_Task data_
Lemma zseries_continuous (w : R -> Z -> R) C (d : posreal) t0 :
  (forall y z, Boule t0 d y -> Rabs (w y z) <= C * (/ 3) ^ Z.abs_nat z) ->
  (forall y z, Boule t0 d y -> continuity_pt (fun s => w s z) y) ->
  continuity_pt (fun y => zseries (w y)) t0.
Proof.
  intros hb hc. unfold zseries.
  assert (hh : forall y k, Boule t0 d y ->
    Rabs (zfwd (w y) k) <= C * (/ 3) ^ k /\ Rabs (zbwd (w y) k) <= C * (/ 3) ^ k)
    by (intros y k hy; apply (zhalves_bound (w y) C (fun z => hb y z hy))).
  apply (continuity_pt_plus (fun y => Series (zfwd (w y))) (fun y => Series (zbwd (w y))));
    apply (series_continuous _ C d t0); intros k y hy;
    try apply (hh y k hy); apply (hc y _ hy).
Qed.

(* margin_fn is continuous on [1, 9/2] (which contains [1, rho]). *)
Lemma margin_fn_continuous t0 : 1 <= t0 <= 9 / 2 -> continuity_pt margin_fn t0.
Proof.
  intro ht.
  set (d := mkposreal (1 / 2) ltac:(lra)).
  assert (hball : forall y, Boule t0 d y -> 1 / 5 <= y <= 5).
  { intros y hy. unfold Boule in hy. simpl in hy. apply Rabs_def2 in hy. lra. }
  assert (cm : continuity_pt (fun y => zseries (m_incr y)) t0).
  { apply (zseries_continuous m_incr 460 d); intros y z hy.
    - apply (incr_bound y z (hball y hy)).
    - destruct (prof_continuous z y ltac:(specialize (hball y hy); lra)) as [ca cb].
      apply continuity_pt_plus; [apply continuity_pt_scal |]; auto. }
  assert (cn : continuity_pt (fun y => zseries (n_incr y)) t0).
  { apply (zseries_continuous n_incr 460 d); intros y z hy.
    - apply (incr_bound y z (hball y hy)).
    - destruct (prof_continuous z y ltac:(specialize (hball y hy); lra)) as [ca cb].
      apply continuity_pt_plus; [| apply continuity_pt_scal]; auto. }
  destruct (incr_series t0 ltac:(lra)) as [_ [_ [hm _]]].
  exact (continuity_pt_div _ _ t0 cn cm ltac:(lra)).
Qed.

Lemma intermediate_value (f : R -> R) a b t1 t2 x :
  (forall c, a <= c <= b -> continuity_pt f c) ->
  a <= t1 <= b -> a <= t2 <= b -> f t1 <= x <= f t2 ->
  exists t, a <= t <= b /\ f t = x.
Proof.
  intros hc h1 h2 [hx1 hx2].
  destruct (Req_dec (f t1) x) as [e | n1]; [exists t1; auto |].
  destruct (Req_dec (f t2) x) as [e | n2]; [exists t2; auto |].
  destruct (Rtotal_order t1 t2) as [lt | [eq | gt]].
  - destruct (Ranalysis5.IVT_interv (fun t => f t - x) t1 t2) as [z [hz ez]]; try lra.
    + intros c hcc. apply continuity_pt_minus; [apply hc; lra | apply continuity_pt_const].
      intros ? ?; auto.
    + exists z. split; [lra | lra].
  - subst. lra.
  - destruct (Ranalysis5.IVT_interv (fun t => x - f t) t2 t1) as [z [hz ez]]; try lra.
    + intros c hcc. apply continuity_pt_minus; [apply continuity_pt_const | apply hc; lra].
      intros ? ?; auto.
    + exists z. split; [lra | lra].
Qed.

Lemma continuous_image_interval (f : R -> R) a b : a <= b ->
  (forall c, a <= c <= b -> continuity_pt f c) ->
  exists lo hi, forall x, (exists t, a <= t <= b /\ x = f t) <-> lo <= x <= hi.
Proof.
  intros hab hc.
  destruct (continuity_ab_min f a b hab hc) as [tmin [hmin htmin]].
  destruct (continuity_ab_maj f a b hab hc) as [tmax [hmax htmax]].
  exists (f tmin), (f tmax). intro x. split.
  - intros [t [ht ->]]. auto.
  - intro hx. destruct (intermediate_value f a b tmin tmax x hc htmin htmax hx) as [t [ht e]].
    exists t. auto.
Qed.

Lemma inversion_closed_interval (S : R -> Prop) lo hi :
  (forall x, S x <-> lo <= x <= hi) -> 0 < lo -> lo <= hi ->
  (forall x, S x -> S (/ x)) -> lo <= 1 /\ hi = / lo.
Proof.
  intros hS hlo hle hinv.
  assert (i1 : lo <= / hi <= hi) by (apply hS, hinv, hS; lra).
  assert (i2 : lo <= / lo <= hi) by (apply hS, hinv, hS; lra).
  assert (hhi : / hi * hi = 1) by (field; lra).
  assert (hl : / lo * lo = 1) by (field; lra).
  assert (e : hi = / lo) by nra.
  split; [| auto]. nra.
Qed.
(* Write [g u = u / (e^u - 1) = sum_n b_n u^n], so [B_n = n! b_n].  By the
   integral form of Taylor's remainder, [B_n R_n(y) x^n] is the integral over
   [[0, y]] of [e^t b_n (x (y - t))^n]; since the series of [g] converges
   absolutely for [|u| < 2 PI], summing gives the integral of
   [e^t g(x (y - t))].  Expanding [g u = sum_(m >= 1) u e^(-m u)] for [u >= 0]
   and integrating term by term produces the three Lerch series, whose [m = 0]
   terms account for [x (y + 1 - e^y)].

   The radius [2 PI] is obtained by real methods: [tanh (z/2)] is an explicit
   combination of [g z] and [g (2 z)], and [tan (z/2)], [tanh (z/2)] solve
   [phi' = (1 +- phi^2) / 2], so their derivatives at 0 are the same
   polynomials up to signs.  Hence the Taylor coefficients of [tanh (z/2)] are
   dominated by those of [tan (z/2)], which are nonnegative and therefore, by
   Taylor-Lagrange, at most [tan (s/2) / s^n] for every [s < PI]. *)

From Stdlib Require Import Reals Lra Lia.
From Coquelicot Require Import Coquelicot.
Open Scope R_scope.

Lemma fact_pos n : 0 < INR (Factorial.fact n).
Proof. apply lt_0_INR, Nat.neq_0_lt_0, Factorial.fact_neq_0. Qed.

Lemma is_lim_seq_inv_INR_shift k : is_lim_seq (fun n => / INR (n + S k)) 0.
Proof.
  apply (is_lim_seq_incr_n (fun n => / INR n) (S k)).
  replace (Finite 0) with (Rbar_inv p_infty) by reflexivity.
  apply is_lim_seq_inv; [apply is_lim_seq_INR | discriminate].
Qed.

Lemma is_series_0 : is_series (fun _ : nat => 0) 0.
Proof.
  apply filterlim_ext with (fun _ => 0); [|apply filterlim_const].
  intros n. rewrite sum_n_Reals. induction n as [|n IH]; simpl; [|rewrite <- IH]; ring.
Qed.

Lemma is_lim_seq_of_abs_sub_le (u eps : nat -> R) (l : R) :
  (forall n, Rabs (u n - l) <= eps n) -> is_lim_seq eps 0 -> is_lim_seq u l.
Proof.
  intros Hle Heps.
  assert (H0 : is_lim_seq (fun n => u n - l) 0).
  { apply is_lim_seq_abs_0, (is_lim_seq_le_le (fun _ => 0) _ eps);
      [|apply is_lim_seq_const|exact Heps].
    intros n. split; [apply Rabs_pos|apply Hle]. }
  apply (is_lim_seq_ext (fun n => (u n - l) + l)); [intros; ring|].
  replace (Finite l) with (Rbar_plus 0 l) by (simpl; f_equal; ring).
  apply is_lim_seq_plus'; [exact H0|apply is_lim_seq_const].
Qed.

Lemma is_series_of_sum_f_R0 (a : nat -> R) (l : R) :
  is_lim_seq (fun N => sum_f_R0 a N) l -> is_series a l.
Proof.
  intros H. apply (is_lim_seq_ext _ _ _ (fun n => eq_sym (sum_n_Reals a n))) in H. exact H.
Qed.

_Task statement_
In the listing above, reproduce the first line and each one after it through the line that contains "intros hb hc. unfold zseries.".

_Solution to this exercise_
Lemma zseries_continuous (w : R -> Z -> R) C (d : posreal) t0 :
  (forall y z, Boule t0 d y -> Rabs (w y z) <= C * (/ 3) ^ Z.abs_nat z) ->
  (forall y z, Boule t0 d y -> continuity_pt (fun s => w s z) y) ->
  continuity_pt (fun y => zseries (w y)) t0.
Proof.
  intros hb hc. unfold zseries.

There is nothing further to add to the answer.